Eravamo un popolo, siamo una somma di egoismi, dunque più deboli rispetto alla stretta del potere dispotico
di Michele Ainis (la Repubblica, 03.09.2018)
Ci si può sentire soli vivendo in compagnia di sessanta milioni di persone? È quanto sta accadendo agli italiani: una solitudine di massa, un sentimento collettivo d’esclusione, di lontananza rispetto alle vite degli altri, come se ciascuno fosse un’isola, una boa che galleggia in mare aperto.
La solitudine si diffonde tra gli adolescenti, presso i quali cresce il fenomeno del ritiro sociale, altrimenti detto hikikomori. Diventa una prigione per gli anziani, la cui unica compagna è quasi sempre la tv. Infine sommerge come un’onda ogni generazione, ogni ceto sociale, ogni contrada del nostro territorio.
Ne sono prova le ricerche sociologiche, oltre che l’esperienza di cui siamo tutti testimoni: 8,5 milioni di italiani (la metà al Nord) vivono da soli; e molti di più si sentono soli, senza un affetto, senza il conforto di un amante o d’un amico. Così, nel 2015, Eurostat ha certificato che il 13,2 per cento degli italiani non ha nessuno cui rivolgersi nei momenti di difficoltà: la percentuale più alta d’Europa.
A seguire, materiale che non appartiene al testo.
Lemma extendEw (e : basis -> To) v (d : {fset basis}) : (msupp v `<=` d)%fset ->
  extend e v = \sum_(k <- d) v@_k *: e k.
Proof.
move=> le; rewrite /extend (big_fset_incl _ le) // => k _ /mcoeff_outdom ->.
by rewrite scale0r.
Qed.

Lemma extend_is_linear (e : basis -> To) : linear (extend e).
Proof.
move=> a v w; pose d := (msupp v `|` msupp w `|` msupp (a *: v + w))%fset.
have := fsubset_refl d; rewrite {1}/d !fsubUset => /andP [/andP [dv dw] daw].
rewrite (extendEw e dv) (extendEw e dw) (extendEw e daw).
rewrite scaler_sumr -big_split; apply: eq_bigr => k _.
by rewrite mcoeffD mcoeffZ scalerDl scalerA.
Qed.

Lemma extend_bvec (e : basis -> To) b : extend e (bvec b) = e b.
Proof. by rewrite /extend msuppU oner_eq0 big_seq_fset1 mcoeffUU scale1r. Qed.

Lemma act_bvec g b : act g (bvec b) = gen_basis C g b.
Proof. exact: extend_bvec. Qed.

Lemma comb_is_linear s : linear (comb s).
Proof.
move=> a v w; rewrite /comb scaler_sumr -big_split; apply: eq_bigr => x _.
by rewrite /act extend_is_linear scalerDr scaler_comm.
Qed.

HB.instance Definition _ s :=
  GRing.isLinear.Build C To To *:%R (comb s) (comb_is_linear s).

Lemma comb_bvec_eq s t :
  (forall b, comb s (bvec b) = comb t (bvec b)) -> comb s =1 comb t.
Proof. exact: linear_bvec_eq. Qed.

Lemma comb_nil v : comb [::] v = 0.
Proof. exact: big_nil. Qed.

Lemma comb_cat (s t : seq (C * gen)) v : comb (s ++ t) v = comb s v + comb t v.
Proof. exact: big_cat. Qed.

Definition bvec_multiple b (w : To) := exists c, w = c *: bvec b.

Definition diagonal (f : To -> To) := forall b, bvec_multiple b (f (bvec b)).

Lemma bvec_multipleE b w : bvec_multiple b w -> w = w@_b *: bvec b.
Proof. by case=> c ->; rewrite mcoeffZ_bvec. Qed.

Lemma diagonal_comm (f g : {linear To -> To}) :
  diagonal f -> diagonal g -> forall v, f (g v) = g (f v).
Proof.
move=> df dg; apply: (@linear_bvec_eq (f \o g) (g \o f)) => b /=.
have [cf fb] := df b; have [cg gb] := dg b.
rewrite gb (linearZZ f) fb (linearZZ g) gb; exact: scaler_comm.
Qed.

Section BvecMultiple.
Variable b : basis.

Lemma bvec_multiple_bvec : bvec_multiple b (bvec b).
Proof. by exists 1; rewrite scale1r. Qed.

Lemma bvec_multipleZ a w : bvec_multiple b w -> bvec_multiple b (a *: w).
Proof. by case=> c ->; exists (a * c); rewrite scalerA. Qed.

Lemma bvec_multiple_natZ (P : bool) w :
  (P -> bvec_multiple b w) -> bvec_multiple b (P%:R *: w).
Proof.
case: P => [/(_ isT) /(bvec_multipleZ 1%:R) //|_].
by exists 0; rewrite !scale0r.
Qed.

Lemma bvec_multiple_sum (I : eqType) (r : seq I) (F : I -> To) :
  (forall i, i \in r -> bvec_multiple b (F i)) ->
  bvec_multiple b (\sum_(i <- r) F i).
Proof.
move=> Fb; rewrite big_seq; elim/big_ind: _ => [|_ _ [c1 ->] [c2 ->]|i /Fb //].
  by exists 0; rewrite scale0r.
by exists (c1 + c2); rewrite scalerDl.
Qed.

Lemma mcoeff_bvec_neq b' : b' != b -> (bvec b')@_b = 0.
Proof. by rewrite mcoeff_bvec => /negbTE ->. Qed.

Lemma mcoeff_natZ_eq0 (P : bool) (w : To) :
  (P -> w@_b = 0) -> (P%:R *: w : To)@_b = 0.
Proof. by rewrite mcoeffZ; case: P => [/(_ isT) ->|_]; rewrite ?mulr0 ?mul0r. Qed.

Lemma mcoeff_sum_eq0 (I : eqType) (r : seq I) (P : pred I) (F : I -> To) :
  (forall i, i \in r -> P i -> (F i)@_b = 0) -> (\sum_(i <- r | P i) F i)@_b = 0.
Proof.
move=> Fb; rewrite big_seq_cond; elim/big_ind: _ => [|w1 w2 e1 e2|i /andP [/Fb]] //.
  exact: mcoeff0.
by rewrite mcoeffD e1 e2 addr0.
Qed.

End BvecMultiple.

Lemma mem_splits2_cat (K : seq 'I_L) p : p \in splits2 K -> p.1 ++ p.2 = K.
Proof. by case/mapP => n _ ->; rewrite cat_take_drop. Qed.

Lemma mem_splits3_cat (K : seq 'I_L) p :
  p \in splits3 K -> p.1.1 ++ p.1.2 ++ p.2 = K.
Proof.
case/flatten_mapP => q /mem_splits2_cat <- /mapP [r /mem_splits2_cat <- ->].
by rewrite catA.
Qed.

Lemma gen_basis_diag (g : gen) (b : basis) :
  is_diag g -> bvec_multiple b (gen_basis C g b).
Proof.
case: b => [[m1 K] m2].
case: g => [[[[[[[l1 l2] I] J] l3] l4] | [[[l1 l2] I] J]] | [[[[I J] l1] l2] | [I J]]] /=.
- case/and3P => /eqP <- /eqP <- /eqP <-; apply: bvec_multiple_natZ.
  by case/andP => /andP [/eqP -> /eqP ->] /eqP ->; exact: bvec_multiple_bvec.
- case/andP => /eqP <- /eqP <-; apply: bvec_multiple_natZ => /eqP ->.
  apply: bvec_multiple_sum => p /mem_splits2_cat <-.
  by apply: bvec_multiple_natZ => /eqP ->; exact: bvec_multiple_bvec.
- case/andP => /eqP <- /eqP <-; apply: bvec_multiple_natZ => /eqP ->.
  apply: bvec_multiple_sum => p /mem_splits2_cat <-.
  by apply: bvec_multiple_natZ => /eqP ->; exact: bvec_multiple_bvec.
- move=> /eqP <-; apply: bvec_multiple_sum => p /mem_splits3_cat <-.
  by apply: bvec_multiple_natZ => /eqP ->; exact: bvec_multiple_bvec.
Qed.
Mentre l’11,9 per cento non sa indicare un conoscente né un parente con cui parli abitualmente dei propri affanni, dei propri problemi. Non a caso Telefono Amico Italia riceve quasi cinquantamila chiamate l’anno. Non a caso, stando a un Rapporto Censis (dicembre 2014), il 47 per cento degli italiani dichiara di rimanere da solo in media per 5 ore al giorno. E non a caso quest’anno, agli esami di maturità, la traccia più scelta dagli studenti s’intitolava «I diversi volti della solitudine nell’arte e nella letteratura».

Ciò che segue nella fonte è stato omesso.